We use `%cd` to move into the cloned repository for all subsequent Python cells.

In [None]:
%cd 2025-P13-Ontology-Alignment

### Install dependencies

In [None]:
%%bash
set -e
python -m pip install --upgrade pip
pip install -r requirements.txt

## Check runtime

In [None]:
import torch
print("CUDA available:", torch.cuda.is_available())
if torch.cuda.is_available():
    print("GPU:", torch.cuda.get_device_name(0))

---

## Choose run mode

Select exactly one mode:

- `full`: build dataset + train  
- `build-dataset`: only build the dataset CSVs (no training)  
- `train-only`: train from an existing dataset CSV (no ontology loading)

The notebook will create a unique output directory under `outputs/` for this run.

In [None]:
# Choose one: "full", "build-dataset", "train-only"
RUN_MODE = "full"

# W&B logging (optional)
USE_WANDB = False

# Number of epochs (used for full/train-only)
NUM_EPOCHS = 10

# Model choice (used for full/train-only)
MODEL_TYPE = "bi-encoder"  # "bi-encoder" or "cross-encoder"
MODEL_NAME = "pritamdeka/BioBERT-mnli-snli-scinli-scitail-mednli-stsb"

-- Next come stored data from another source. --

(* Assume the setting and Assumptions A1 and A2 described in the context. Then for every $\beta\in[0,1/2)$, \[ \sum_{k\ge1}k^{-1/2}D_\beta(\theta_k,\theta_{k-1})V^\beta(X_k)<\infty\qquad\mathbb P\text{-a.s.} \]
   Context: Setting: $(\mathsf X,\mathcal X)$ is a measurable space with countably generated $\sigma$-field, $(\Theta,\mathcal T)$ a measurable space, $\pi$ a probability measure on $(\mathsf X,\mathcal X)$, and $\{P_\theta,\theta\in\Theta\}$ a family of Markov transition kernels on $\mathsf X$ such that $\theta\mapsto P_\theta(x,A)$ is measurable for every $(x,A)$ and each $P_\theta$ admits $\pi$ as invariant distribution. Let $\bar\mu$ be a probability measure on $\mathsf X\times\Theta$ and $\{(X_n,\theta_n),n\ge0\}$ a process with law $\mathbb P$ (expectation $\mathbb E$) and natural filtration $\mathcal F_n$, such that $(X_0,\theta_0)\sim\bar\mu$ and for every $n\ge0$ and nonnegative measurable $f$, $\mathbb E(f(X_{n+1})\mid\mathcal F_n)=P_{\theta_n}f(X_n)$ a.s. Notation: $Qf(x)=\int Q(x,dy)f(y)$; for $W:\mathsf X\to[1,\infty)$, $|f|_W=\sup_{\mathsf X}|f|/W$, and $\|\mu\|_W=\sup_{|g|_W\le1}|\mu(g)|$. For $\beta\in[0,1]$, $D_\beta(\theta,\theta')=\sup_{|f|_{V^\beta}\le1}\sup_{x}|P_\theta f(x)-P_{\theta'}f(x)|/V^\beta(x)$. Assumption A1: each $P_\theta$ is phi-irreducible and aperiodic with invariant distribution $\pi$; there is a measurable $V:\mathsf X\to[1,\infty)$ with $\int V(x)\bar\mu(dx,d\theta)<\infty$ such that for every $\beta\in(0,1]$ there exist $\rho\in(0,1)$, $C<\infty$ with $\|P_\theta^n(x,\cdot)-\pi\|_{V^\beta}\le C\rho^nV^\beta(x)$ for all $(x,\theta)$, $n\ge0$; and there exist $b<\infty$, $\lambda\in(0,1)$ with $P_\theta V(x)\le\lambda V(x)+b$ for all $(x,\theta)$. Assumption A2: there exist $\eta\in[0,1/2)$ and a nonincreasing sequence of positive numbers $\{\gamma_n,n\ge1\}$ with $\gamma_n=O(n^{-\alpha})$ for some $\alpha>1/2$, such that for every $\beta\in[0,1]$ there is a finite constant $C$ with $D_\beta(\theta_{n-1},\theta_n)\le C\gamma_nV^\eta(X_n)$ $\mathbb P$-a.s. for all $n\ge1$. *)

From HB Require Import structures.
From mathcomp Require Import all_boot all_order all_algebra.
From mathcomp Require Import all_classical all_reals all_analysis.
From mathcomp Require Import measurable_realfun.
Set Implicit Arguments. Unset Strict Implicit. Unset Printing Implicit Defensive.
Import Order.TTheory GRing.Theory Num.Theory.
Import numFieldNormedType.Exports.
Local Open Scope classical_set_scope.
Local Open Scope ring_scope.

Section Defs.
Context {R : realType}.

Definition countably_generated d (X : measurableType d) : Prop :=
  exists G : nat -> set X, (@measurable d X) = <<s range G >>.

Definition kiter d (X : measurableType d) (K : X -> probability X R)
  (n : nat) (g : X -> \bar R) : X -> \bar R :=
  iter n (fun h x => (\int[K x]_y h y)%E) g.

Definition phi_irreducible d (X : measurableType d) (K : X -> probability X R)
  : Prop :=
  exists phi : {measure set X -> \bar R},
    sigma_finite setT phi /\ (0 < phi setT)%E /\
    forall A, measurable A -> (0 < phi A)%E -> forall x,
      exists n, (0 < n)%N /\ (0 < kiter K n (fun y => (\1_A y)%:E) x)%E.

(* aperiodicity (Roberts-Rosenthal style, relative to the invariant pi):
   there is no d >= 2 and disjoint measurable sets D_0,...,D_{d-1} with
   P(x, D_{i+1 mod d}) = 1 for x in D_i and pi(D_0) > 0 *)
Definition aperiodic d (X : measurableType d) (K : X -> probability X R)
  (pi : probability X R) : Prop :=
  ~ exists (p : nat) (D : nat -> set X),
      [/\ (2 <= p)%N,
          (forall i, (i < p)%N -> measurable (D i)),
          (forall i j, (i < j < p)%N -> D i `&` D j = set0),
          (forall i x, (i < p)%N -> D i x -> K x (D ((i.+1) %% p)%N) = 1%E)
        & (0 < pi (D 0%N))%E].

Definition Dbeta d (X : measurableType d) (Theta : Type)
  (P : Theta -> X -> probability X R) (V : X -> R) (beta : R)
  (th th' : Theta) : \bar R :=
  ereal_sup [set e | exists (f : X -> R) (x : X),
     [/\ measurable_fun setT f,
         (forall y, `|f y| <= V y `^ beta)
       & e = (`| \int[P th x]_y (f y)%:E - \int[P th' x]_y (f y)%:E |
              * ((V x `^ beta)^-1)%:E)%E]].

Definition nat_filtration dO dX dT (Omega : measurableType dO)
  (X : measurableType dX) (Theta : measurableType dT)
  (Xs : nat -> Omega -> X) (ths : nat -> Omega -> Theta) (n : nat)
  : set (set Omega) :=
  <<s [set B | exists k, (k <= n)%N /\
        ((exists A : set X, measurable A /\ B = Xs k @^-1` A) \/
         (exists A : set Theta, measurable A /\ B = ths k @^-1` A))] >>.

End Defs.

From HB Require Import structures.
From mathcomp Require Import all_boot all_order all_algebra.
From mathcomp Require Import all_classical all_reals all_analysis.
From mathcomp Require Import measurable_realfun.
From mathcomp Require Import ring lra.
Import Order.TTheory GRing.Theory Num.Theory.
Import numFieldNormedType.Exports.
Local Open Scope classical_set_scope.
Local Open Scope ring_scope.
(* Let $G$ be a connected graph and $P$ an isometric path in $G$. If $P$ is bypath-free in $G$, then $P$ is $1$-leisurely-guardable.
   Context: A path $P$ in $G$ is isometric if $d_P(x,y)=d_G(x,y)$ for all $x,y\in V(P)$. For a subgraph $H$ of $G$ and an isometric path $P=v_1\cdots v_k$ in $H$, a bypath of $P$ in $H$ is a path $B=b_1\cdots b_t$ with $t\ge3$, $V(B)\subseteq V(H)$, $b_1=v_i$, $b_t=v_j$ for some $i<j$, $V(B)\cap V(P)=\{v_i,v_j\}$, and such that $v_1\cdots v_ib_2\cdots b_{t-1}v_j\cdots v_k$ is also an isometric path in $H$; $P$ is bypath-free in $H$ if $H$ contains no bypath of $P$. Cops and robber game on $G$: cops choose starting vertices, then the robber; then they alternate turns, each moving pieces to adjacent vertices or staying; capture occurs when a cop occupies the robber's vertex. An isometric (induced) subgraph $H$ is $k$-guardable if $k$ cops have a strategy such that after finitely many moves they are on vertices of $H$, stay in $H$ thereafter, and whenever the robber enters $H$ he is captured by one of them in the next turn. $H$ is $k$-leisurely-guardable if it is $k$-guardable via a $k$-guarding strategy with $k$ cops for which there is an integer $t$ such that in every sequence of $t$ consecutive moves there is a move in which at least one of these cops stays still. *)

(* Finite simple graphs as a symmetric
   irreflexive relation e on a finType T. *)
From mathcomp Require Import all_boot.
Set Implicit Arguments.
Unset Strict Implicit.
Unset Printing Implicit Defensive.
(* [exp t >= (1 + t/2)^2] at [t = y^3]. *)
Lemma exp_cube_gt y : 1 <= y -> y ^ 2 * (y + 1) < exp (y ^ 3).
Proof.
  intros hy.
  assert (e : exp (y ^ 3) = exp (y ^ 3 / 2) * exp (y ^ 3 / 2)) by (rewrite <- exp_plus; f_equal; field).
  pose proof (exp_ineq1_le (y ^ 3 / 2)).
  assert (1 <= y ^ 3) by (simpl; nra).
  assert ((1 + y ^ 3 / 2) * (1 + y ^ 3 / 2) <= exp (y ^ 3)) by (rewrite e; apply Rmult_le_compat; lra).
  assert (y * y < 1 + (y * y) * (y * y) * (y * y) / 4) by (pose proof (pow2_ge_0 (y * y - 6 / 5)); nra).
  assert (1 <= y * y) by nra.
  simpl in *; nra.
Qed.

Lemma rprime_small n : (1 <= n)%nat -> INR n ^ 2 * (INR n + 1) * rprime n < 1.
Proof.
  intros hn; assert (h1 : 1 <= INR n) by (apply (le_INR 1); lia).
  pose proof (exp_cube_gt (INR n) h1); unfold rprime; rewrite exp_Ropp.
  pose proof (exp_pos (INR n ^ 3)).
  apply (Rmult_lt_reg_r (exp (INR n ^ 3))); [lra |].
  rewrite Rmult_assoc, Rinv_l by lra; lra.
Qed.

Lemma IZR_abs_lt_1 z : Rabs (IZR z) < 1 -> z = 0%Z.
Proof. rewrite <- abs_IZR; intros h; apply lt_IZR in h; lia. Qed.

Lemma INR_dist_lt_1 a b : Rabs (INR a - INR b) < 1 -> a = b.
Proof.
  intros h; destruct (lt_eq_lt_dec a b) as [[hab | ->] | hab]; [| reflexivity |];
    apply le_INR in hab; rewrite S_INR in hab; apply Rabs_def2 in h; lra.
Qed.

Lemma coprime_cross_le n m a b : Nat.gcd m n = 1%nat -> (m * a = b * n)%nat -> (0 < a)%nat -> (n <= a)%nat.
Proof.
  intros hg e ha; apply Nat.divide_pos_le; [exact ha |].
  apply (Nat.gauss n m a); [exists b; lia | rewrite Nat.gcd_comm; exact hg].
Qed.

Lemma Gset_unit_interval x : Gset x -> 0 < x < 1.
Proof.
  intros hG; destruct (hG 2%nat ltac:(lia)) as [n [hn [m [hm [hg hx]]]]].
  assert (hmn : (m < n)%nat).
  { destruct (Nat.eq_dec m n) as [-> | e]; [rewrite Nat.gcd_diag in hg; lia | lia]. }
  assert (hN : 2 <= INR n) by (apply (le_INR 2); lia).
  assert (1 <= INR m) by (apply (le_INR 1); lia).
  assert (INR m + 1 <= INR n) by (rewrite <- S_INR; apply le_INR; lia).
  pose proof (rprime_le_inv n ltac:(lia)).
  assert (/ (INR n + 1) < / INR n) by (apply Rinv_lt_contravar; nra).
  assert (/ INR n <= INR m / INR n) by (unfold Rdiv; rewrite <- (Rmult_1_l (/ INR n)) at 1;
    apply Rmult_le_compat_r; [left; apply Rinv_0_lt_compat |]; lra).
  assert (INR m / INR n <= 1 - / INR n) by (apply (Rmult_le_reg_r (INR n)); [lra |]; field_simplify; lra).
  apply Rabs_def2 in hx; lra.
Qed.

(* A rational [p/q] is at distance [>= 1/(|q| n)] from every [m/n] it differs from,
   while [|x - m/n| < e^{-n^3}] for arbitrarily large [n]. *)
Lemma Gset_irrational x : Gset x -> irrational x.
Proof.
  intros hG p q hq ->.
  destruct (hG (S (Z.abs_nat q) + 1)%nat ltac:(lia)) as [n [hn [m [_ [hg hx]]]]].
  assert (hN : 1 <= INR n) by (apply (le_INR 1); lia).
  assert (hqn : Rabs (IZR q) + 1 <= INR n).
  { rewrite <- abs_IZR, <- Zabs2Nat.id_abs, <- INR_IZR_INZ, <- S_INR; apply le_INR; lia. }
  assert (hq0 : IZR q <> 0) by (apply not_0_IZR; exact hq).
  assert (hmq : (Z.of_nat m * q = p * Z.of_nat n)%Z).
  { enough (Z.of_nat m * q - p * Z.of_nat n = 0)%Z by lia.
    apply IZR_abs_lt_1.
    replace (IZR (Z.of_nat m * q - p * Z.of_nat n))
      with (IZR q * INR n * (INR m / INR n - IZR p / IZR q))
      by (rewrite minus_IZR, !mult_IZR, <- !INR_IZR_INZ; field; lra).
    rewrite !Rabs_mult, (Rabs_right (INR n)), Rabs_minus_sym by lra.
    pose proof (Rabs_pos (IZR q)); pose proof (Rabs_pos (IZR p / IZR q - INR m / INR n)).
    pose proof (rprime_small n ltac:(lia)).
    apply Rle_lt_trans with (INR n * INR n * rprime n); [| simpl in *; nra].
    apply Rmult_le_compat; try nra. }
  assert (hnat : (m * Z.abs_nat q = Z.abs_nat p * n)%nat) by (apply Nat2Z.inj; rewrite !Nat2Z.inj_mul, !Nat2Z.inj_abs_nat; nia).
  pose proof (coprime_cross_le n m (Z.abs_nat q) (Z.abs_nat p) hg hnat ltac:(lia)); lia.
Qed.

# Hyperparameter values (used for full/train-only; ignored if tuning is enabled)
USE_FIXED_HYPERPARAMS = False # Set to True to use fixed hyperparameters
LEARNING_RATE = 3e-5
BATCH_SIZE = 16
WEIGHT_DECAY = 0.01

# Tuning choice (used for full/train-only)
HYPERPARAMETER_TUNING = True
N_TRIALS = 20  # Number of trials for hyperparameter tuning

---

## Provide required input artifacts

### For `full` and `build-dataset`
You must provide:
1. **Source Ontology** (`.owl`)
2. **Target Ontology** (`.owl`)
3. **Reference Alignment** (`.rdf`, OAEI-like format)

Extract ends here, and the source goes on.